I get my screen components from Home Depot and Lowes, but the screen I make out of nylon mesh to keep the FFs in.



Darks!de said:


> Just wondering where you got the components for the screen section.
> 
> Luke


----------



## jkinsey (Oct 7, 2004)

sounds good definilty keep us posted on the tank. Thanks again.


----------



## Mantellaprince20 (Aug 25, 2004)

Almost forgot about this. Here is a pic of my hinge, and handle. I just siliconed them in place with Aquarium silicone. The hinge is an excelon piano hinge, and the handle is an acrylic pull handle.



















Ed Parker


----------



## acleverusername (Feb 28, 2005)

Mantellaprince20 said:


> Step 3
> Now you can start glueing the glass to the front. I used a piece that was 6 inches tall, and had a snug fit in the black plastic rim of the tank. Make sure to seal the black plastic to the tank as well or it will leak. Also, now you can add any landscape you want such as that smaller cork piece I used to add some depth. I also made the screen flap for ventilation in this step, however it isn't installed yet, I just wanted to check the fit of both glass pieces.


What materials did you use for the vent and where did you get them from? What all did you have to do to the materials to make them into the vent?


----------



## Mantellaprince20 (Aug 25, 2004)

You can get the supplies for the screen section at any home depot, or lowes. I used mosquito netting instead of screen though, for fruit fly escape prevention. But if you just go into the window section, or screen supplies section at either of these stores, you can get this stuff real cheap. They even have a kit which made about 4 vent sections for my 10 verts for like 8 dollars. The only things you will need to do is cut the screen channel (border) pieces with a saw, like a hacksaw, or even if you have some type of power saw with a metal blade, and cut the window screen. If you ask someone at one of the above mentioned stores, they will give you good details on how to do it exactly too. 

Ed Parker

(sorry, I totally forgot the correct names for the parts for this vent section, You will need the border material, the rubber stuff to secure the screen in place, and the corner pieces.)


----------



## acleverusername (Feb 28, 2005)

I have another dumb question. How do you cut the aluminum to 45 degree angles?


----------



## Guest (Apr 12, 2005)

On those screens you don't the corners are plastic and you just have to make a straight cut. I use a miter saw for 45deg cuts however :wink: 
makes it easy


----------



## Guest (Apr 12, 2005)

I'm getting ready to setup something similiar for my office (once I get the insert piece from Benjamin. 

I have a question though about the orientation.
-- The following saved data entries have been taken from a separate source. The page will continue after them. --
(* In the setting below, the vector $1\otimes e^{\lambda_1}\in V^{\Lambda_1}$ is a highest weight vector of type $Vir(\tfrac45,\tfrac1{15})\otimes W^{\Omega_4}$, i.e. it satisfies (HW1)–(HW5) with $h=1/15$ and $\omega_j=\omega_4$.
   Context: Setting. $Q$ is the $E_6$ root lattice with simple roots $\alpha_1,\dots,\alpha_6$ (Dynkin chain $\alpha_1-\alpha_3-\alpha_4-\alpha_5-\alpha_6$, $\alpha_2$ attached to $\alpha_4$), form from the Cartan matrix, fundamental weights $\lambda_i$, $P=\bigoplus\mathbb Z\lambda_i$, $\mathfrak h=\mathbb C\otimes P$. $\varepsilon$ bimultiplicative on $P$ with $[\varepsilon(\lambda_i,\lambda_j)]$ rows $(1,1,1,1,1,1)$, $(-1,1,1,1,1,-1)$, $(-1,1,1,1,1,1)$, $(1,-1,1,1,1,1)$, $(1,1,1,1,1,-1)$, $(1,1,1,1,1,1)$. $V_P=S(\hat{\mathfrak h}^-)\otimes\mathbb C[P]$ with Heisenberg operators $h(n)$ ($[h(m),h'(n)]=m\langle h,h'\rangle\delta_{m+n,0}$, $h(n)1=0$ for $n>0$, $h(0)(u\otimes e^\beta)=\langle h,\beta\rangle u\otimes e^\beta$). For $\alpha\in Q$, acting on $V_P$: $Y(1\otimes e^\alpha,z)=\exp(\sum_{k\ge1}\frac{\alpha(-k)}kz^k)\exp(-\sum_{k\ge1}\frac{\alpha(k)}kz^{-k})e_\alpha z^{\alpha(0)}=\sum_n\{1\otimes e^\alpha\}_nz^{-n-1}$, $e_\alpha(u\otimes e^\beta)=\varepsilon(\alpha,\beta)u\otimes e^{\alpha+\beta}$, $z^{\alpha(0)}(u\otimes e^\beta)=z^{\langle\alpha,\beta\rangle}u\otimes e^\beta$; $Y(h_1(-1)\cdots h_k(-1)\otimes e^\alpha,z)=\,:h_1(z)\cdots h_k(z)Y(1\otimes e^\alpha,z):$, $h(z)=\sum_nh(n)z^{-n-1}$. $V^{\Lambda_1}$ is the subspace spanned by $S(\hat{\mathfrak h}^-)\otimes e^\nu$, $\nu\in\lambda_1+Q$. $\tau$: $\alpha_1\leftrightarrow\alpha_6$, $\alpha_3\leftrightarrow\alpha_5$ (so $\lambda_1\leftrightarrow\lambda_6$, $\lambda_3\leftrightarrow\lambda_5$); $\mathrm{Proj}(\nu)=(\nu+\tau\nu)/2$. $\theta=\alpha_1+2\alpha_2+2\alpha_3+3\alpha_4+2\alpha_5+\alpha_6$. Raising operators of $\tilde{\mathfrak a}$ ($F_4^{(1)}$): $\{\beta_1\}_0=\{1\otimes e^{\alpha_2}\}_0$, $\{\beta_2\}_0=\{1\otimes e^{\alpha_4}\}_0$, $\{\beta_3\}_0=\{1\otimes e^{\alpha_3}\}_0+\{1\otimes e^{\alpha_5}\}_0$, $\{\beta_4\}_0=\{1\otimes e^{\alpha_1}\}_0+\{1\otimes e^{\alpha_6}\}_0$, $\{1\otimes e^{-\theta}\}_1$. Coset conformal vector $\omega=\frac1{10}[(-\lambda_1+\lambda_6)(-1)^2+(\lambda_3-\lambda_5)(-1)^2+(\lambda_1-\lambda_3+\lambda_5-\lambda_6)(-1)^2]\otimes e^0+\frac15(-1\otimes e^{\pm\gamma_1}-1\otimes e^{\pm\gamma_2}+1\otimes e^{\pm\gamma_3})$, $\gamma_1=\alpha_1-\alpha_6$, $\gamma_2=\alpha_3-\alpha_5$, $\gamma_3=\gamma_1+\gamma_2$, $1\otimes e^{\pm\gamma}:=1\otimes e^\gamma+1\otimes e^{-\gamma}$; $L(n)=\{\omega\}_{n+1}$ on $V_P$ (Virasoro, $c=4/5$, commuting with $\tilde{\mathfrak a}$). $\omega_4=\frac{\lambda_1+\lambda_6}2$, $\Omega_4$ the level one $F_4^{(1)}$ weight with finite part $\omega_4$, $W^{\Omega_4}$ its irreducible module. A nonzero $v$ is a highest weight vector of type $Vir(\frac45,h)\otimes W^{\Omega_j}$ if (HW1) $\{1\otimes e^{-\theta}\}_1v=0$; (HW2) $\{\beta_i\}_0v=0$, $i=1,\dots,4$; (HW3) $L(1)v=L(2)v=0$; (HW4) $L(0)v=hv$; (HW5) $v\in\bigoplus_kS(\hat{\mathfrak h}^-)\otimes e^{\nu_k}$ with $\mathrm{Proj}(\nu_k)=\omega_j$. *)

From mathcomp Require Import all_boot all_order all_algebra all_field.
Set Implicit Arguments. Unset Strict Implicit. Unset Printing Implicit Defensive.
Import Order.TTheory GRing.Theory Num.Theory.
Local Open Scope ring_scope.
Everyone always turns what was the bottom of the tank into the back. Is there any reason You couldn't keep one of the sides as the back? so that the door opens to a side? (and so that what was the bottom of the tank is now a side. What was typically the front/back are still the front back (just perpindicular). 
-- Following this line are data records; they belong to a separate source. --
(* Let $A, B, C, X$ be spaces and let $f \colon A \times B \times C \to X$ be a map. Suppose that $f$ factors, up to homotopy, through each of the two projections $A\times B\times C \to A \times C$ and $A \times B \times C \to B \times C$. Then $f$ factors, up to homotopy, through the projection $A \times B \times C \to C$. *)

From HB Require Import structures.
From mathcomp Require Import all_boot all_algebra.
From mathcomp Require Import all_classical all_reals topology.
From mathcomp Require Import Rstruct Rstruct_topology.
From Stdlib Require Import Reals.

Set Implicit Arguments.
Unset Strict Implicit.
Unset Printing Implicit Defensive.

Local Open Scope classical_set_scope.

Definition unit_interval : topologicalType :=
  subspace (`[0%R, 1%R]%classic : set Rdefinitions.R).

Definition homotopic (T X : topologicalType) (f g : T -> X) : Prop :=
  exists H : unit_interval * T -> X,
    continuous H /\
    (forall t, H ((0%R : Rdefinitions.R) : unit_interval, t) = f t) /\
    (forall t, H ((1%R : Rdefinitions.R) : unit_interval, t) = g t).

Definition factors_up_to_homotopy (Y Z X : topologicalType)
    (f : Y -> X) (p : Y -> Z) : Prop :=
  exists g : Z -> X, continuous g /\ homotopic f (g \o p).

Definition proj_AC (A B C : topologicalType) (x : A * B * C) : A * C :=
  (x.1.1, x.2).
Definition proj_BC (A B C : topologicalType) (x : A * B * C) : B * C :=
  (x.1.2, x.2).
Definition proj_C (A B C : topologicalType) (x : A * B * C) : C := x.2.

(* Let f ~ g o p_AC and f ~ h o p_BC.  Suppose a : A and put
   i (a', b, c) := (a, b, c).  As p_BC o i = p_BC, we get
   f ~ h o p_BC = h o p_BC o i ~ f o i ~ g o p_AC o i, and
   (g o p_AC o i) (a', b, c) = g (a, c) depends on c alone.  The case b : B is
   symmetric.  This only uses that homotopy is an equivalence relation
   compatible with precomposition; transitivity glues the two homotopies, run
   at double speed, along the closed sets t <= 1/2 and t >= 1/2. *)

From HB Require Import structures.
From mathcomp Require Import all_boot all_order all_algebra.
From mathcomp Require Import all_classical all_reals topology normedtype.
From mathcomp Require Import Rstruct Rstruct_topology lra.
Import Order.TTheory GRing.Theory Num.Theory.
Import numFieldNormedType.Exports.

Set Implicit Arguments.
Unset Strict Implicit.
Unset Printing Implicit Defensive.
Local Open Scope classical_set_scope.
Local Open Scope ring_scope.

Lemma continuous_subspace_map (T U : topologicalType) (A : set T) (B : set U)
    (g : T -> U) :
  continuous g -> {homo g : x / A x >-> B x} ->
  continuous (g : subspace A -> subspace B).
Proof.
move=> gc gAB; apply: (@subspaceT_continuous _ _ _ _ (mkfun_fun gAB)).
exact: continuous_subspaceT.
Qed.

Lemma continuous_prod_map (S T U V : topologicalType)
    (f : S -> U) (g : T -> V) :
  continuous f -> continuous g -> continuous (fun p : S * T => (f p.1, g p.2)).
Proof.
move=> fc gc [s t]; apply: cvg_pair.
- by apply: (cvg_comp fst f _ (fc s)); exact: cvg_fst.
- by apply: (cvg_comp snd g _ (gc t)); exact: cvg_snd.
Qed.

Section unit_interval_reparametrizations.
Variable R : realFieldType.

Definition reverse_param (s : R) := 1 - s.
Definition first_half_param (s : R) := Num.min (2 * s) 1.
Definition second_half_param (s : R) := Num.max (2 * s - 1) 0.

Lemma continuous_reverse_param : continuous reverse_param.
Proof. by move=> s; apply: continuousB => //; exact: cst_continuous. Qed.

Lemma continuous_first_half_param : continuous first_half_param.
Proof.
apply: min_fun_continuous; last exact: cst_continuous.
move=> s; apply: (continuousM (s := cst 2) (t := id)) => //.
exact: cst_continuous.
Qed.

Lemma continuous_second_half_param : continuous second_half_param.
Proof.
apply: max_fun_continuous; last exact: cst_continuous.
move=> s; apply: continuousB; last exact: cst_continuous.
by apply: (continuousM (s := cst 2) (t := id)) => //; exact: cst_continuous.
Qed.

Lemma reverse_param_itv : {homo reverse_param : s / s \in `[0, 1]}.
Proof.
move=> s; rewrite !in_itv /reverse_param /= => /andP[? ?].
by apply/andP; split; lra.
Qed.

Lemma first_half_param_itv : {homo first_half_param : s / s \in `[0, 1]}.
Proof.
move=> s; rewrite !in_itv /first_half_param /= => /andP[? ?].
apply/andP; split.
  by rewrite le_min; apply/andP; split; lra.
by rewrite ge_min lexx orbT.
Qed.

Lemma second_half_param_itv : {homo second_half_param : s / s \in `[0, 1]}.
Proof.
move=> s; rewrite !in_itv /second_half_param /= => /andP[? ?].
apply/andP; split.
  by rewrite le_max lexx orbT.
by rewrite ge_max; apply/andP; split; lra.
Qed.

End unit_interval_reparametrizations.

Local Notation R := Rdefinitions.R.

Lemma continuous_reparam (T X : topologicalType) (H : unit_interval * T -> X)
    (phi : R -> R) :
  continuous H -> continuous phi -> {homo phi : s / s \in `[0, 1]} ->
  continuous (fun q : unit_interval * T => H (phi q.1 : unit_interval, q.2)).
Proof.
move=> Hc phic phiI q; apply: continuous_comp (Hc _).
apply: (@continuous_prod_map _ _ _ _ (phi : unit_interval -> unit_interval) id).
  exact: continuous_subspace_map.
by move=> t; exact: cvg_id.
Qed.

Lemma homotopic_sym (T X : topologicalType) (f g : T -> X) :
  homotopic f g -> homotopic g f.
Proof.
move=> [H [Hc [H0 H1]]].
exists (fun q : unit_interval * T =>
  H (reverse_param q.1 : unit_interval, q.2)).
split; first exact: continuous_reparam (@continuous_reverse_param _)
                                       (@reverse_param_itv _).
by split=> t /=; rewrite /reverse_param ?subr0 ?subrr.
Qed.

Lemma continuous_glue (T U : topologicalType) (P : T -> bool) (B : set T)
    (f g : T -> U) :
  closed [set x | P x] -> closed B -> (forall x, ~~ P x -> B x) ->
  continuous f -> continuous g -> (forall x, P x -> B x -> f x = g x) ->
  continuous (fun x => if P x then f x else g x).
Proof.
move=> Pcl Bcl notPB fc gc fg; apply/continuous_subspace_setT.
have -> : [set: T] = [set x | P x] `|` B.
  apply/seteqP; split=> x // _.
  by case: (boolP (P x)) => Px; [left | right; exact: notPB].
apply: withinU_continuous => //.
- apply: (subspace_eq_continuous (f := f)); last exact: continuous_subspaceT.
  by move=> x; rewrite inE /= /from_subspace => ->.
- apply: (subspace_eq_continuous (f := g)); last exact: continuous_subspaceT.
  by move=> x; rewrite inE /= /from_subspace; case: ifP => // Px Bx; rewrite fg.
Qed.

Lemma homotopic_trans (T X : topologicalType) (f g h : T -> X) :
  homotopic f g -> homotopic g h -> homotopic f h.
Proof.
move=> [H [Hc [H0 H1]]] [K [Kc [K0 K1]]].
exists (fun q : unit_interval * T => if (q.1 : R) <= 2^-1
  then H (first_half_param q.1 : unit_interval, q.2)
  else K (second_half_param q.1 : unit_interval, q.2)).
split.
  have closed_fst (P : set R) : closed P ->
      closed [set q : unit_interval * T | P q.1].
    move=> Pcl; apply: (@preimage_closed _ _ fst (P : set unit_interval)).
      by move=> q _; exact: cvg_fst.
    exact: closed_subspaceW.
  apply: (continuous_glue
    (B := [set q : unit_interval * T | 2^-1 <= (q.1 : R)])).
  - by apply: (closed_fst [set s | s <= 2^-1]); exact: closed_le.
  - by apply: (closed_fst [set s | 2^-1 <= s]); exact: closed_ge.
  - by move=> q; rewrite -ltNge => /ltW.
  - exact: continuous_reparam (@continuous_first_half_param _)
                               (@first_half_param_itv _).
  - exact: continuous_reparam (@continuous_second_half_param _)
                               (@second_half_param_itv _).
  - move=> q /= le_half ge_half.
    have -> : (q.1 : R) = 2^-1 by apply/eqP; rewrite eq_le le_half ge_half.
    rewrite /first_half_param /second_half_param mulfV ?pnatr_eq0 //.
    rewrite subrr minxx maxxx.
    by rewrite H1 K0.
split=> t /=.
  by rewrite invr_ge0 ler0n /first_half_param mulr0 /Num.min ltr01 H0.
rewrite (_ : (1 : R) <= 2^-1 = false); last first.
  by apply/negbTE; rewrite -ltNge invf_lt1 ?ltr1n.
have -> : second_half_param (1 : R) = 1.
  by rewrite /second_half_param mulr1 /Num.max; case: ltP; lra.
by rewrite K1.
Qed.

Lemma homotopic_comp (S T X : topologicalType) (p : S -> T) (f g : T -> X) :
  continuous p -> homotopic f g -> homotopic (f \o p) (g \o p).
Proof.
move=> pc [H [Hc [H0 H1]]].
exists (fun q : unit_interval * S => H (q.1, p q.2)).
split; last by split=> t /=; rewrite ?H0 ?H1.
move=> q; apply: continuous_comp (Hc _).
by apply: (continuous_prod_map (f := id)) => // s; exact: cvg_id.
Qed.

Lemma homotopic_comp_invariant (Y X : topologicalType) (i : Y -> Y)
    (f u : Y -> X) :
  continuous i -> homotopic f u -> u \o i = u -> homotopic f (f \o i).
Proof.
move=> ic fu ui; apply: (homotopic_trans fu).
by rewrite -{1}ui; apply/homotopic_sym/homotopic_comp.
Qed.

Theorem lemma2p4 (A B C X : topologicalType) (f : A * B * C -> X) :
  continuous f ->
  (inhabited A \/ inhabited B) ->
  factors_up_to_homotopy f (@proj_AC A B C) ->
  factors_up_to_homotopy f (@proj_BC A B C) ->
  factors_up_to_homotopy f (@proj_C A B C).
Proof.
move=> _ [[a]|[b]] [g [gc fg]] [h [hc fh]].
- exists (curry g a); split; first exact: (continuous_curry gc).2.
  pose i (x : A * B * C) := (a, x.1.2, x.2).
  have ic : continuous i.
    apply: (@continuous_prod_map _ _ _ _ (fun ab : A * B => (a, ab.2)) id);
      last by move=> c; exact: cvg_id.
    exact: (@continuous_prod_map _ _ _ _ (fun=> a) id
              (@cst_continuous _ _ a) (fun=> cvg_id)).
  apply: (homotopic_trans (homotopic_comp_invariant ic fh erefl)).
  exact: homotopic_comp ic fg.
- exists (curry h b); split; first exact: (continuous_curry hc).2.
  pose i (x : A * B * C) := (x.1.1, b, x.2).
  have ic : continuous i.
    apply: (@continuous_prod_map _ _ _ _ (fun ab : A * B => (ab.1, b)) id);
      last by move=> c; exact: cvg_id.
    exact: (@continuous_prod_map _ _ _ _ id (fun=> b)
              (fun=> cvg_id) (@cst_continuous _ _ b)).
  apply: (homotopic_trans (homotopic_comp_invariant ic fg erefl)).
  exact: homotopic_comp ic fh.
Qed.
I can't think off the top of my head why this would be bad. I'm just going to use a tank that at one point did have a siliconed background (in the normal position) and would prefer to re-cover that with the new background. Also a bigger viewing area unobstructed by latches/screens etc would be more aesthetically pleasing. As this will be just sitting on my desk access shouldn't be an issue. I just want to be sure I'm not missing anything (as I've never seen anyone orient their vertical tanks in this manner).

-Tad


----------



## acleverusername (Feb 28, 2005)

Sorry I got your question wrong.


----------



## rjmarchisi (Feb 16, 2004)

I think he means that he still wants the tank to be oriented vertically, just to have it side opening instead of front opening. 
Alot of people, including myself use front opening due to the ability to place them side by side. If you plan to have it freestanding there is no reason to not make the former side the front to get a totally unobstructed view.

rob


----------



## Guest (Apr 12, 2005)

Rob, thats what I'm talking about. I'm wondering if anyone has done it this way... if they had issues where the background met the door, etc. Or any problems that I just haven't thought of.

-Tad


----------



## rjmarchisi (Feb 16, 2004)

I remember seeing a 20 gallon flipped on end with the door on the side. It might be in someone's image gallery. I dont think you should have any problems, just make sure the background stops.

rob


----------



## Guest (Apr 12, 2005)

Hey Tad, you mean kind of like this 










and a link to the page: 
http://thechocohut.homestead.com/DIY_20vert_Fogged.html

It works nice, but as you can see I have it only open half way. The problem I see with the full door is the back ground so close to the opening. You could have a hard time trying to keep the frogs in the tank.


----------